Procter and Gamble invested in information technology to build shipping and inventory control systems that "would let them keep the level of inventory essentially just in time, which is very difficult, " he said. "The return on this type of investment is probably 30 percent and up, but this type of change is also really scarce."

Only 5 to 10 percent of information technology use in large business and government organizations has been that big or radical, Bresnahan estimates. More typical, he said, is the case of the Texaco department, where someone responsible for paying the company's electric bills bought a personal computer and built a data base that would pay the bills ­ replacing a fax machine, telephone and clerk for that function.

People involved in such incremental changes, he said, tell the interviewers that "I've been reading in the trade press how you ought to be able to this better, and I just can't see how to do it here in my company or here in my relationship with this group of customers, so I'm doing something that might be going in that direction and hoping that somebody else in the company or customer base can enhance it."

As a result, Bresnahan said, "you get iterative processes of invention which take a long time to show up as an overall gain in worker productivity."

Iterative processes of invention are not unique to computer technology. In 1989, Bresnahan's Stanford colleague Paul David pointed out in a now-famous paper that the invention of the electric dynamo also did not show up quickly in productivity statistics. David pointed out that it took a while for manufacturers to figure out how to deploy its advantage over the steam engine to lower their costs.

"Everybody knew pretty early on that the big advantage of electricity over steam power was that you could fractionalize it," Bresnahan said, "but people had to think of ways to take advantage of fractionalizing power.
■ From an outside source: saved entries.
(* Let $L$ be a finite field of characteristic $p$ and cardinality $q>2$, and let $f\colon L\to L$, $f(x)=x^s$, be a power permutation of $L$ (i.e. $\gcd(s,q-1)=1$) with exponent $s\equiv 1\pmod{p-1}$. Let $\ell$ be a prime. If the degree $[L:\mathbb{F}_p]$ is a power of $\ell$ and $p\not\equiv 2\pmod \ell$, then $\mathfrak{D}(f)\equiv 0\pmod \ell$.
   Context: Let $\mu$ be the canonical additive character of $L$, $\mu(x)=\exp(2i\pi\,\mathrm{Tr}(x)/p)$, where $\mathrm{Tr}$ is the trace of $L/\mathbb{F}_p$. The Fourier coefficient of $f$ at $a\in L$ is $\widehat{f}(a)=\sum_{x\in L}\mu(ax+f(x))$; under the hypothesis $s\equiv 1\pmod{p-1}$ these are rational integers. Define $\mathfrak{D}(f)=\prod_{a\in L^{\times}}\widehat{f}(a)$. *)

From HB Require Import structures.
From mathcomp Require Import all_boot all_order all_algebra all_field.
Set Implicit Arguments. Unset Strict Implicit. Unset Printing Implicit Defensive.
Import Order.TTheory GRing.Theory Num.Theory.
Local Open Scope ring_scope.

Definition fdeg (L : finFieldType) (p : nat) : nat := logn p #|L|.

(* absolute trace Tr_{L/F_p}(x) = x + x^p + ... + x^(p^(n-1)), an element of
   the prime subfield of L *)
Definition ftrace (L : finFieldType) (p : nat) (x : L) : L :=
  \sum_(i < fdeg L p) x ^+ (p ^ i).

Definition trnat (L : finFieldType) (p : nat) (x : L) : nat :=
  if [pick k : 'I_p | (k%:R == ftrace p x)] is Some k then nat_of_ord k else 0%N.

(* exp(2 i pi / p) in algC: p.-root (-1) has argument pi/p *)
Definition zeta_p (p : nat) : algC := (p.-root (-1)) ^+ 2.

Definition mu (L : finFieldType) (p : nat) (x : L) : algC :=
  zeta_p p ^+ trnat p x.

Definition fourier (L : finFieldType) (p : nat) (f : L -> L) (a : L) : algC :=
  \sum_(x : L) mu p (a * x + f x).

Definition Dfrak (L : finFieldType) (p : nat) (f : L -> L) : algC :=
  \prod_(a : L | a != 0) fourier p f a.

(* Since s = 1 mod (p - 1), the map x |-> a x + x^s is homogeneous over F_p,
   so the Fourier coefficient at a is N_a(0) - N_a(1), where N_a(t) counts the x
   with Tr(a x + x^s) = t; hence D(f) is an integer.  For a = 1 the level sets
   of Tr(x + x^s) are stable under the Frobenius, which generates a group of
   order [L : F_p] = l^k, so modulo l only their points in F_p count.  There
   x + x^s = 2x has trace 2 [L : F_p] x: if this coefficient is nonzero each
   level has exactly one point, otherwise p divides [L : F_p], so p = l and the
   levels have p and 0 points.  Either way l divides N_1(0) - N_1(1), which is a
   factor of D(f). *)

From mathcomp Require Import all_boot all_order all_algebra all_field.
From mathcomp Require Import all_fingroup all_solvable zify.
Import GRing.Theory Num.Theory.
Local Open Scope ring_scope.
Set Implicit Arguments. Unset Strict Implicit.

Definition prime_subfield (L : finFieldType) (p : nat) : {set L} :=
  [set z | z ^+ p == z].

Definition trlevel (L : finFieldType) (p : nat) (g : L -> L) (t : nat) : {set L} :=
  [set x | trnat p (g x) == t].

Lemma expr_frobenius_fixed (R : pzSemiRingType) p k (z : R) :
  z ^+ p = z -> z ^+ (p ^ k) = z.
Proof.
by move=> zp; elim: k => [|k IHk]; rewrite ?expr1 // expnSr exprM IHk zp.
Qed.

Lemma expr_prime_subfield (R : fieldType) p s (c : R) : (2 < p)%N ->
  s = 1 %[mod p.-1] -> c ^+ p = c -> c ^+ s = c.
Proof.
move=> p_gt2 s_mod cp; have p1_gt1 : (1 < p.-1)%N by lia.
have s_mod1 : (s %% p.-1 = 1)%N by rewrite s_mod modn_small.
have [-> | c_neq0] := eqVneq c 0.
  by rewrite expr0n; case: s {s_mod} s_mod1 => //; rewrite mod0n.
have cp1 : c ^+ p.-1 = 1.
  by apply: (mulIf c_neq0); rewrite mul1r -exprSr prednK //; lia.
by rewrite (divn_eq s p.-1) s_mod1 mulnC exprD exprM cp1 expr1n mul1r.
Qed.

Section PrimeField.

Variables (L : finFieldType) (p : nat).
Hypothesis pL : p \in [pchar L].

Let p_prime : prime p := pcharf_prime pL.
Let p_gt0 : (0 < p)%N := prime_gt0 p_prime.

Lemma natr_eq_pchar (m n : nat) : (m%:R == n%:R :> L) = (m == n %[mod p])%N.
Proof.
wlog le_nm : m n / (n <= m)%N.
  move=> W; case: (leqP n m) => [/W // | /ltnW /W nm_eq].
  by rewrite eq_sym nm_eq eq_sym.
by rewrite eqn_mod_dvd // (dvdn_pcharf pL) natrB // subr_eq0.
Qed.

Lemma natr_ord_inj : injective (fun k : 'I_p => k%:R : L).
Proof. by move=> i j /eqP; rewrite natr_eq_pchar !modn_small // => /eqP/val_inj. Qed.

Lemma frobenius_natr (m : nat) : (m%:R : L) ^+ p = m%:R.
Proof. by rewrite -(pFrobenius_autE pL) rmorph_nat. Qed.

(* [X^p - X] has at most [p] roots and the [p] elements [k%:R] are among them. *)
Lemma prime_subfieldE : prime_subfield L p = [set k%:R | k : 'I_p].
Proof.
apply/eqP; rewrite eq_sym eqEcard card_imset ?card_ord; last exact: natr_ord_inj.
apply/andP; split.
  by apply/subsetP => _ /imsetP[k _ ->]; rewrite inE frobenius_natr.
have size_XpX : size ('X^p - 'X : {poly L}) = p.+1.
  by rewrite size_polyDl size_polyXn // size_polyN size_polyX ltnS prime_gt1.
have XpX_neq0 : ('X^p - 'X : {poly L}) != 0 by rewrite -size_poly_eq0 size_XpX.
rewrite cardE -ltnS -size_XpX max_poly_roots ?enum_uniq //.
by apply/allP => z; rewrite mem_enum inE /root !hornerE subr_eq0.
Qed.

Lemma card_prime_subfield : #|prime_subfield L p| = p.
Proof. by rewrite prime_subfieldE card_imset ?card_ord //; exact: natr_ord_inj. Qed.

Lemma prime_subfield_natr (z : L) : z ^+ p = z -> exists k : 'I_p, z = k%:R.
Proof.
move=> zp; have : z \in prime_subfield L p by rewrite inE zp.
by rewrite prime_subfieldE => /imsetP[k _ ->]; exists k.
Qed.

Lemma expr_fdeg (x : L) : x ^+ (p ^ fdeg L p) = x.
Proof. by rewrite /fdeg -(card_pprimeChar pL) expf_card. Qed.

Lemma ftrace_frobenius (x : L) : ftrace p (x ^+ p) = ftrace p x.
Proof.
rewrite /ftrace; case: (fdeg L p) (expr_fdeg x) => [|n] x_fix; first by rewrite !big_ord0.
rewrite big_ord_recr [RHS]big_ord_recl /= -exprM -expnS x_fix expn0 expr1 addrC.
by congr (_ + _); apply: eq_bigr => i _; rewrite -exprM -expnS.
Qed.

Lemma ftrace_frobenius_fixed (x : L) : ftrace p x ^+ p = ftrace p x.
Proof.
rewrite -[RHS]ftrace_frobenius -{1}(pFrobenius_autE pL) /ftrace rmorph_sum.
by apply: eq_bigr => i _; rewrite /= pFrobenius_autE -!exprM mulnC.
Qed.

Lemma ftrace_scale (c x : L) : c ^+ p = c -> ftrace p (c * x) = c * ftrace p x.
Proof.
move=> cp; rewrite mulr_sumr; apply: eq_bigr => i _.
by rewrite exprMn expr_frobenius_fixed.
Qed.

Lemma ftrace_prime_subfield (c : L) : c ^+ p = c -> ftrace p c = c *+ fdeg L p.
Proof.
move=> cp; rewrite /ftrace (eq_bigr (fun _ => c)) => [|i _].
  by rewrite sumr_const card_ord.
exact: expr_frobenius_fixed.
Qed.

Lemma trnat_lt (y : L) : (trnat p y < p)%N.
Proof. by rewrite /trnat; case: pickP. Qed.

Lemma trnatE (y : L) t : (t < p)%N -> (trnat p y == t) = (ftrace p y == t%:R).
Proof.
move=> lt_tp; rewrite /trnat; case: pickP => [k /eqP <- | no_k].
  by rewrite natr_eq_pchar !modn_small.
have [k trE] := prime_subfield_natr (ftrace_frobenius_fixed y).
by have := no_k k; rewrite trE eqxx.
Qed.

Lemma trlevel_frobenius (g : L -> L) t :
  (forall x, g (x ^+ p) = g x ^+ p) ->
  forall x, (x ^+ p \in trlevel p g t) = (x \in trlevel p g t).
Proof. by move=> g_frob x; rewrite !inE g_frob /trnat ftrace_frobenius. Qed.

End PrimeField.

Lemma zeta_p_expn p : (0 < p)%N -> zeta_p p ^+ p = 1.
Proof. by move=> p_gt0; rewrite /zeta_p exprAC rootCK // sqrrN expr1n. Qed.

Lemma zeta_p_neq1 p : (1 < p)%N -> zeta_p p != 1.
Proof.
move=> p_gt1; rewrite /zeta_p -subr_eq0 subr_sqr_1 mulf_eq0 subr_eq0 addr_eq0.
apply/norP; split; apply/eqP => r_eq.
  have /= := rootCK (ltnW p_gt1) (-1 : algC); rewrite r_eq expr1n => /eqP.
  by rewrite -subr_eq0 opprK (pnatr_eq0 _ 2).
by have := rootC_lt0 (-1 : algC) p_gt1; rewrite r_eq ltrN10.
Qed.

Lemma sum_zeta_p_expr p : (1 < p)%N -> \sum_(t < p) zeta_p p ^+ t = 0.
Proof.
move=> p_gt1; have /esym/eqP := subrX1 (zeta_p p) p.
rewrite zeta_p_expn ?subrr ?(ltnW p_gt1) // mulf_eq0 subr_eq0.
by rewrite (negbTE (zeta_p_neq1 p_gt1)) => /eqP.
Qed.

Section CharacterSums.

Variables (L : finFieldType) (p : nat).
Hypothesis pL : p \in [pchar L].

Let p_gt1 : (1 < p)%N := prime_gt1 (pcharf_prime pL).

Lemma sum_mu_trlevel (g : L -> L) :
  \sum_x mu p (g x) = \sum_(t < p) zeta_p p ^+ t *+ #|trlevel p g t|.
Proof.
transitivity (\sum_x \sum_(t < p) if trnat p (g x) == t then zeta_p p ^+ t else 0).
  apply: eq_bigr => x _; rewrite (bigD1 (Ordinal (trnat_lt pL (g x)))) //= eqxx.
  by rewrite big1 ?addr0 // => t /negbTE; rewrite -(inj_eq val_inj) eq_sym => ->.
rewrite exchange_big; apply: eq_bigr => t _.
by rewrite -big_mkcond /= -sumr_const; apply: eq_bigl => x; rewrite inE.
Qed.

Section Homogeneous.

Variable g : L -> L.
Hypothesis g_homog : forall c x, c ^+ p = c -> g (c * x) = c * g x.

(* Multiplication by [t%:R] maps the level [1] of the trace onto the level [t]. *)
Lemma card_trlevel_homog t : (0 < t < p)%N -> #|trlevel p g t| = #|trlevel p g 1|.
Proof.
case/andP=> t_gt0 lt_tp; have ct : (t%:R : L) ^+ p = t%:R := frobenius_natr pL t.
have c_neq0 : (t%:R : L) != 0 by rewrite -(dvdn_pcharf pL) gtnNdvd.
rewrite -(card_preimset _ (mulfI c_neq0)); apply: eq_card => x; rewrite !inE.
rewrite g_homog // !trnatE // ftrace_scale // -[X in _ == X]mulr1.
by rewrite (inj_eq (mulfI c_neq0)).
Qed.

Lemma sum_mu_homog :
  \sum_x mu p (g x) = #|trlevel p g 0|%:R - #|trlevel p g 1|%:R.
Proof.
have p_gt0 := ltnW p_gt1; pose t0 := Ordinal p_gt0.
have := sum_zeta_p_expr p_gt1; rewrite (bigD1 t0) //= expr0 => /eqP.
rewrite addrC addr_eq0 => /eqP sum_zeta_nz.
rewrite sum_mu_trlevel (bigD1 t0) //= expr0.
rewrite (eq_bigr (fun t : 'I_p => zeta_p p ^+ t *+ #|trlevel p g 1|)) => [|t t_neq0].
  by rewrite sumrMnl sum_zeta_nz mulNrn.
by rewrite card_trlevel_homog // ltn_ord andbT lt0n; apply: t_neq0.
Qed.

End Homogeneous.

End CharacterSums.

Section FrobeniusOrbits.

Variables (L : finFieldType) (p l k : nat).
Hypotheses (pL : p \in [pchar L]) (l_prime : prime l).
Hypothesis deg_L : fdeg L p = (l ^ k)%N.

(* The Frobenius has order dividing [fdeg L p = l ^ k], so its orbits outside
   the prime subfield have size divisible by [l]. *)
Lemma card_frobenius_stable_mod (A : {set L}) :
  (forall x, (x ^+ p \in A) = (x \in A)) ->
  #|A| = #|A :&: prime_subfield L p| %[mod l].
Proof.
move=> A_stable; pose phi : {perm L} := perm (fmorph_inj (pFrobenius_aut pL)).
have phiE x : phi x = x ^+ p by rewrite permE; exact: pFrobenius_autE.
have phi_lgroup : (l.-group <[phi]>)%g.
  apply: (@pnat_dvd _ (l ^ k)); last by rewrite pnatX pnat_id.
  rewrite order_dvdn -deg_L; apply/eqP/permP => x.
  rewrite permX perm1 -[RHS](expr_fdeg pL x).
  elim: (fdeg L p) => [|n IHn]; first by rewrite expr1.
  by rewrite iterS IHn phiE -exprM expnSr.
have phi_acts : [acts <[phi]>%g, on A | 'P].
  by rewrite cycle_subG; apply/astabsP => x; rewrite /= apermE phiE A_stable.
rewrite (pgroup_fix_mod phi_lgroup phi_acts) afix_cycle; congr (#|_| %% l)%N.
congr (_ :&: _); apply/setP => x; rewrite [in RHS]inE.
by apply/afix1P/eqP; rewrite /= apermE phiE.
Qed.

End FrobeniusOrbits.

Section Doubling.

Variables (L : finFieldType) (p : nat) (g : L -> L).
Hypothesis pL : p \in [pchar L].
Hypothesis g_double : forall c, c ^+ p = c -> g c = c *+ 2.

Lemma trlevel_prime_subfield t : (t < p)%N ->
  trlevel p g t :&: prime_subfield L p =
  [set c in prime_subfield L p | (2 * fdeg L p)%N%:R * c == t%:R].
Proof.
move=> lt_tp; apply/setP => c; rewrite !inE andbC; apply: andb_id2l => /eqP cp.
have c2p : (c *+ 2) ^+ p = c *+ 2 by rewrite -mulr_natr exprMn frobenius_natr ?cp.
by rewrite trnatE // g_double // ftrace_prime_subfield // -mulrnA mulr_natl.
Qed.

Lemma card_prime_subfield_mul_eq (m : L) t : m ^+ p = m -> m != 0 ->
  #|[set c in prime_subfield L p | m * c == t%:R]| = 1%N.
Proof.
move=> mp m_neq0; rewrite -(cards1 (t%:R / m)); congr #|pred_of_set _|.
apply/setP => c; rewrite !inE; apply/andP/eqP => [[_ /eqP <-] | ->]; first by rewrite mulrAC divff ?mul1r.
by rewrite exprMn exprVn frobenius_natr // mp mulrCA divff ?mulr1.
Qed.

Lemma card_trlevel_doubling_mod l k : (2 < p)%N -> prime l ->
  fdeg L p = (l ^ k)%N -> (forall x, g (x ^+ p) = g x ^+ p) ->
  #|trlevel p g 0| = #|trlevel p g 1| %[mod l].
Proof.
move=> p_gt2 l_prime deg_L g_frob; have p_prime := pcharf_prime pL.
rewrite !(card_frobenius_stable_mod pL l_prime deg_L (trlevel_frobenius pL _ g_frob)).
rewrite !trlevel_prime_subfield ?prime_gt0 ?prime_gt1 //.
set m : L := (2 * fdeg L p)%N%:R; have [m_eq0 | m_neq0] := eqVneq m 0; last first.
  by rewrite !card_prime_subfield_mul_eq // frobenius_natr.
have p_eq_l : p = l.
  have : (p %| 2 * fdeg L p)%N by rewrite (dvdn_pcharf pL); apply/eqP.
  have p_coprime2 : coprime p 2 by rewrite prime_coprime // gtnNdvd.
  by rewrite Gauss_dvdr // deg_L Euclid_dvdX // dvdn_prime2 // => /andP[/eqP].
rewrite m_eq0.
have -> : [set c in prime_subfield L p | 0 * c == 0] = prime_subfield L p.
  by apply/setP => c; rewrite inE mul0r eqxx andbT.
have -> : [set c in prime_subfield L p | 0 * c == 1] = set0.
  by apply/setP => c; rewrite !inE mul0r [0 == _]eq_sym oner_eq0 andbF.
by rewrite card_prime_subfield // cards0 p_eq_l modnn mod0n.
Qed.

End Doubling.

Theorem mainTheorem4 (L : finFieldType) (p : nat) (s : nat) (l : nat) :
  p \in [pchar L] ->
  (2 < #|L|)%N ->
  coprime s #|L|.-1 ->
  s = 1 %[mod p.-1] ->
  prime l ->
  (exists k : nat, fdeg L p = (l ^ k)%N) ->
  p != 2 %[mod l] ->
  exists z : int, Dfrak p (fun x : L => x ^+ s) = z%:~R /\ ((l%:Z) %| z)%Z.
Proof.
move=> pL _ _ s_mod l_prime [k deg_L] p_mod_l.
have p_gt2 : (2 < p)%N.
  rewrite ltn_neqAle prime_gt1 ?(pcharf_prime pL) // andbT.
  by apply: contra p_mod_l => /eqP <-.
have expr_s c : c ^+ p = c -> c ^+ s = c := expr_prime_subfield p_gt2 s_mod.
pose g (a x : L) := a * x + x ^+ s.
have g_homog a c x : c ^+ p = c -> g a (c * x) = c * g a x.
  by move=> cp; rewrite /g exprMn expr_s // mulrDr mulrCA.
have g1_double c : c ^+ p = c -> g 1 c = c *+ 2 by move=> cp; rewrite /g mul1r expr_s.
have g1_frob x : g 1 (x ^+ p) = g 1 x ^+ p.
  by rewrite /g !mul1r -!(pFrobenius_autE pL) rmorphD rmorphXn.
pose F a : int := #|trlevel p (g a) 0|%:Z - #|trlevel p (g a) 1|%:Z.
exists (\prod_(a : L | a != 0) F a); split.
  rewrite /Dfrak rmorph_prod; apply: eq_bigr => a _.
  by rewrite /fourier (sum_mu_homog pL (g_homog a)) rmorphB.
rewrite (bigD1 1) ?oner_eq0 //=; apply: dvdz_mulr.
rewrite /F -eqz_mod_dvd !modz_nat eqz_nat; apply/eqP.
exact (card_trlevel_doubling_mod pL g1_double p_gt2 l_prime deg_L g1_frob).
Qed.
Most of what worked out was that instead of having one big power source running through the center of the building and turned by a steam engine, you scattered little engines all over the building and that meant the building could be redesigned so that you had a logical flow of work through an assembly line."

Bresnahan believes it will take even longer to figure out the most productive uses of computers because of the greater variety in white-collar work. "Making airplanes and making bicycles is more alike than, say, Wal-Mart and Stanford are alike," he said. "And when you talk about network computing, the span of a typical application gets bigger and bigger, so that the amount of knowledge that people need [to develop it] gets wider and wider."

The employees who devised Federal Express's successful supply chain management system for tracking packages not only possessed deep knowledge of computers but of how to get delivery people to hustle and how to please legal secretaries who were their key customers, he said. "As networks spread out, the knowledge to do what you want to do gets harder and harder."

Information technology "holds out this very general possibility for making sellers more responsive to buyers' desires, to make them responsive more quickly and to avoid producing the wrong things. But it is a possibility in this wide variety of institutional contexts, so it's not so surprising that it would take a long time and that people have very different ideas about what the technology can do."